Description of the task: Every line with the string "ltac" must be copied from the entries below.

**** Exercise data ****

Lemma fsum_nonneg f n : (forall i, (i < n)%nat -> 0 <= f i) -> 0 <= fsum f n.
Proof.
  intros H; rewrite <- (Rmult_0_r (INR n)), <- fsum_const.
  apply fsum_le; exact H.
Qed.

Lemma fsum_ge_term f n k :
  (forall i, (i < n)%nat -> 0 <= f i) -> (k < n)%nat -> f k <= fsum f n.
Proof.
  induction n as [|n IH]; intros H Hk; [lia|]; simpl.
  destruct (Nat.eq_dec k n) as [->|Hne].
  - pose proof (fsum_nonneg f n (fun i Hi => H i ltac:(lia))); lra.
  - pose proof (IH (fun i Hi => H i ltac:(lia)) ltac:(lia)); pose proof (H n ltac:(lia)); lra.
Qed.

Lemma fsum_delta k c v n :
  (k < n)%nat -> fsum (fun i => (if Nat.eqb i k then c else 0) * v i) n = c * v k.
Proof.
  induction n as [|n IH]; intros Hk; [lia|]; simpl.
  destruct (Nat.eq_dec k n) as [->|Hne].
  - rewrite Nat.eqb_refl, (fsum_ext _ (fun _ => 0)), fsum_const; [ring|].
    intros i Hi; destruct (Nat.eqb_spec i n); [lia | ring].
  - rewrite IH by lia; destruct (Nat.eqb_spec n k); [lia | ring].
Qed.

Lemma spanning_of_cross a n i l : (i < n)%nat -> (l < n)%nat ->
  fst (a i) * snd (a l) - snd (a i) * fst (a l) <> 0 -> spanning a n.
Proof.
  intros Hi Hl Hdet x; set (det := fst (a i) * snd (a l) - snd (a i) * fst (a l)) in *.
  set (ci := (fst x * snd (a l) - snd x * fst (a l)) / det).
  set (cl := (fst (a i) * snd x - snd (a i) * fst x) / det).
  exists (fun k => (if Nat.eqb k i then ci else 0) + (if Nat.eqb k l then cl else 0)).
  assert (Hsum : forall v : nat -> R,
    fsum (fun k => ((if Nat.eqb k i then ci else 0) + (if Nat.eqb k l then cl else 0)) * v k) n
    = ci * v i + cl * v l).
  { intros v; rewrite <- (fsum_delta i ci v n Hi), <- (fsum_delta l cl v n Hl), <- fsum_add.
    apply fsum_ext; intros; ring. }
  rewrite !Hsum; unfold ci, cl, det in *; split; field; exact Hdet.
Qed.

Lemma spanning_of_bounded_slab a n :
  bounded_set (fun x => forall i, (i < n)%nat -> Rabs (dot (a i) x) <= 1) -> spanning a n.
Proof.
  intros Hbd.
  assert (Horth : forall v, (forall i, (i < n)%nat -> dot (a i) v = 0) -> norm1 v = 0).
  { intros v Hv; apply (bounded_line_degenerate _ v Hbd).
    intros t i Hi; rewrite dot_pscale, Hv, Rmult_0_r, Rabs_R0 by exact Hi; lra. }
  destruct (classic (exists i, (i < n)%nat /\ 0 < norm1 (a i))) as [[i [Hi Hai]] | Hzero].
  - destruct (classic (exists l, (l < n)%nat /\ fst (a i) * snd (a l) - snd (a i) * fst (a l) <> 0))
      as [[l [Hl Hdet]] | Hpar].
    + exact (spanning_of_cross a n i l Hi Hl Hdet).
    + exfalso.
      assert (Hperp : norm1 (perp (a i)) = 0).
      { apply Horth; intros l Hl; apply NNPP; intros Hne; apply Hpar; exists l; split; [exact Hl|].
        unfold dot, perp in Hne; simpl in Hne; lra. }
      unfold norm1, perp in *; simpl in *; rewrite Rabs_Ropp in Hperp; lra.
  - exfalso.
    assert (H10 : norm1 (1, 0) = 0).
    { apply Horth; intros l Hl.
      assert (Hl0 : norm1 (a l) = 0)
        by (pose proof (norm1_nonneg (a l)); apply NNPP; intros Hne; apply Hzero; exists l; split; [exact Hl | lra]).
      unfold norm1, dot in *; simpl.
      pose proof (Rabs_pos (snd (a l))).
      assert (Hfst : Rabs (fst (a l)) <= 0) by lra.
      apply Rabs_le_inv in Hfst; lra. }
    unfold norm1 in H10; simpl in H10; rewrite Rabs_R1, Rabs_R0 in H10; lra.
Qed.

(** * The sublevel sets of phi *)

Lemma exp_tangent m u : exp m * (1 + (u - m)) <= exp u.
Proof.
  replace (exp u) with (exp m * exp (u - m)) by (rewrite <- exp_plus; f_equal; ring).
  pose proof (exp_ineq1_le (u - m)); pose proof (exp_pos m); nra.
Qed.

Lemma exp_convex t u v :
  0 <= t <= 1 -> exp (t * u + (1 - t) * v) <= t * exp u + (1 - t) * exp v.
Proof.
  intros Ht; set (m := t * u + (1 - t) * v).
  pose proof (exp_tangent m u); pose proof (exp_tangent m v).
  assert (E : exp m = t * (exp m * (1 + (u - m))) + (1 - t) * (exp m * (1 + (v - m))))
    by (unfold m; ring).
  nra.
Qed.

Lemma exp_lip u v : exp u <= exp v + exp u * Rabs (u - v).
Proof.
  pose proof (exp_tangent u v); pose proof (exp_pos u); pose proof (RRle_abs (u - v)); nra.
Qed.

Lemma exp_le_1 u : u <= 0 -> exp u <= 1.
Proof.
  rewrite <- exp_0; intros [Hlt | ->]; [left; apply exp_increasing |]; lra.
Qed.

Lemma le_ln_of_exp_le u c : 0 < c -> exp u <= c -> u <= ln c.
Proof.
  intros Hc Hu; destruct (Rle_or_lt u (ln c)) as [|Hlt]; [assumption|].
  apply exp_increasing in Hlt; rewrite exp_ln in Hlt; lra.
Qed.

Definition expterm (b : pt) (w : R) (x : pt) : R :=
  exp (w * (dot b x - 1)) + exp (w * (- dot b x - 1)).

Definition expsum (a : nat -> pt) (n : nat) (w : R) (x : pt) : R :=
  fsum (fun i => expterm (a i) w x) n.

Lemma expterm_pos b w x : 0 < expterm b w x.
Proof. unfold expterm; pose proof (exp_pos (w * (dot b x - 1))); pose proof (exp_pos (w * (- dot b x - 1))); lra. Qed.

****
**** Exercise data ****

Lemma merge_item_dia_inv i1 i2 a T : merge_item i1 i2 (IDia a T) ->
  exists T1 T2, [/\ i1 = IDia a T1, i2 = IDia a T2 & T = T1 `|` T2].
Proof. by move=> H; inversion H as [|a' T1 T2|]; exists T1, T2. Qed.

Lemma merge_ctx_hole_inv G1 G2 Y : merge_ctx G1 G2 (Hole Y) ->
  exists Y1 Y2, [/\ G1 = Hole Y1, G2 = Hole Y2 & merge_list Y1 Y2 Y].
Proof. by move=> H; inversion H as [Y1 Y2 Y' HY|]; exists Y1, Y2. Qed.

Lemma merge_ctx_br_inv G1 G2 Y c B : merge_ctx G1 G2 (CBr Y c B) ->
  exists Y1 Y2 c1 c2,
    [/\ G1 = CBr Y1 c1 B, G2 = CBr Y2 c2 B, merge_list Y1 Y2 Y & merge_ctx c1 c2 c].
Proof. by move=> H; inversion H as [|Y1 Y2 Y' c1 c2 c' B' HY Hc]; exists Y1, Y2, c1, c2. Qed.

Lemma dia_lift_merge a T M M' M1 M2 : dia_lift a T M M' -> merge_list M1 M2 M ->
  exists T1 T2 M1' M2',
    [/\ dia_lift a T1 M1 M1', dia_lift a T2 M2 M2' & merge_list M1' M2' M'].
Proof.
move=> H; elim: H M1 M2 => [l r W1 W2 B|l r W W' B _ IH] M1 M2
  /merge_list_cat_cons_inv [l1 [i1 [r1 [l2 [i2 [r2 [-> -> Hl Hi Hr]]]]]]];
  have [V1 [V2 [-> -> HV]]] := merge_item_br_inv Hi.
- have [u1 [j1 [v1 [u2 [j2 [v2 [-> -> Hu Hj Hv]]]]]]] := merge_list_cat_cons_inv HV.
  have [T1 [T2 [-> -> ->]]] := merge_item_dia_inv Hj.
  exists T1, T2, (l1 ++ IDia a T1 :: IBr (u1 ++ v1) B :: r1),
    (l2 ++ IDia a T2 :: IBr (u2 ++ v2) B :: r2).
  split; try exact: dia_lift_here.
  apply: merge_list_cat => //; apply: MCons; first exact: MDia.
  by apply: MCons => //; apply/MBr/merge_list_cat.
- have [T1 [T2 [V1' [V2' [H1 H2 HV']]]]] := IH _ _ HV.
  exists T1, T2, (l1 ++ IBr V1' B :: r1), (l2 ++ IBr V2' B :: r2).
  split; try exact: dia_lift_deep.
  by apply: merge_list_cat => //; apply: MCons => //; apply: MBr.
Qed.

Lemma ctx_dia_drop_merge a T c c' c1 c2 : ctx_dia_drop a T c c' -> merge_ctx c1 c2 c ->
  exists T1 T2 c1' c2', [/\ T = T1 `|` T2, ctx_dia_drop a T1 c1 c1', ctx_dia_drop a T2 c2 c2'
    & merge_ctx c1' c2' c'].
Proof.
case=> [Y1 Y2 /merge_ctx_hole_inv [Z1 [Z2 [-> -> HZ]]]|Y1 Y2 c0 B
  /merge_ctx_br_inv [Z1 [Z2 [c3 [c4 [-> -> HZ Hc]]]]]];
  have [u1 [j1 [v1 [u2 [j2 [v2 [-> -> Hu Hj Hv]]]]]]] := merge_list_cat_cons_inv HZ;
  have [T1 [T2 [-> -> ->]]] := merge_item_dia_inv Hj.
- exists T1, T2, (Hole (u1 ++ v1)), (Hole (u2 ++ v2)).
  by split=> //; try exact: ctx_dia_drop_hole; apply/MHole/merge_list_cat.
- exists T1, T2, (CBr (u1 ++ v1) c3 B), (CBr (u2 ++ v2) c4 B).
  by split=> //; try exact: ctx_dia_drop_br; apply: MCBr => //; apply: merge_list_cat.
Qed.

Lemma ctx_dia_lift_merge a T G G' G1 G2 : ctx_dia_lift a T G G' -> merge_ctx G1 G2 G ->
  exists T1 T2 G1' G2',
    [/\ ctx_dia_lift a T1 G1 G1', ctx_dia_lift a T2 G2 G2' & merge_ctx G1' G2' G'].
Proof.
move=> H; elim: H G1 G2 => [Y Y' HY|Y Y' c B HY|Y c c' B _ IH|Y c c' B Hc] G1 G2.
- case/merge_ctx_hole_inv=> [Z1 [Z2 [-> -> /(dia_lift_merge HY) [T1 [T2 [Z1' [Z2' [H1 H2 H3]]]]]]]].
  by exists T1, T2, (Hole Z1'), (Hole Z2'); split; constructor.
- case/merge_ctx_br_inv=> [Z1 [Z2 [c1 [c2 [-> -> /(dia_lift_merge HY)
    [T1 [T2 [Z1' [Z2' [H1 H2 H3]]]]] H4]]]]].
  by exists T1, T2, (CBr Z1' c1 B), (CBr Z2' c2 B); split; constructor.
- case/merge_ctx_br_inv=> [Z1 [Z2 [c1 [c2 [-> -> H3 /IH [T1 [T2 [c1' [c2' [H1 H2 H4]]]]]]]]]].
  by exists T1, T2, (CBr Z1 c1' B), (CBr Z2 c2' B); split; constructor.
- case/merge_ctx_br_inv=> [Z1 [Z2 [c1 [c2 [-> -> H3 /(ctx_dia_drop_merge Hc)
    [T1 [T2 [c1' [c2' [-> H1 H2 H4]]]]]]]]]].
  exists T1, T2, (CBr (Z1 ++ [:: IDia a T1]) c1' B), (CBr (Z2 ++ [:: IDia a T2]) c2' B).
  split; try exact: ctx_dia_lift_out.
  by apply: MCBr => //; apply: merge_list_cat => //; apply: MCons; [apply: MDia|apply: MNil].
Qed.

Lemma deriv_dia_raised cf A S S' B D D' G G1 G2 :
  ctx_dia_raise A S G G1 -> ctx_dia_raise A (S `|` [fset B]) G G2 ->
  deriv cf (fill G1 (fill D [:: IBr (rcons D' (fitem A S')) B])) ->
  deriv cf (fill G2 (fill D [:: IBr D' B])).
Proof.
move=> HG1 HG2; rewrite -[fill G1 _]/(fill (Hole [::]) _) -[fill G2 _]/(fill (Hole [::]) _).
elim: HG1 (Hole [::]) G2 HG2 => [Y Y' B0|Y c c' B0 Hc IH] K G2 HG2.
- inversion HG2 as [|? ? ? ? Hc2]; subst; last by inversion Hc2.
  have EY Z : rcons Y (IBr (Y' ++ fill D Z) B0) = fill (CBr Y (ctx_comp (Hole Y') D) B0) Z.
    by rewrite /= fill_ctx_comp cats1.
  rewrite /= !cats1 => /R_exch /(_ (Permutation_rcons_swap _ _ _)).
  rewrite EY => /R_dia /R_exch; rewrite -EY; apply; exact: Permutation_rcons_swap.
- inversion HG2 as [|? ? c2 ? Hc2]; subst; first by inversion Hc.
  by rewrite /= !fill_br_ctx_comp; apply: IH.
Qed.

****

Problem solution:
  - pose proof (fsum_nonneg f n (fun i Hi => H i ltac:(lia))); lra.
  - pose proof (IH (fun i Hi => H i ltac:(lia)) ltac:(lia)); pose proof (H n ltac:(lia)); lra.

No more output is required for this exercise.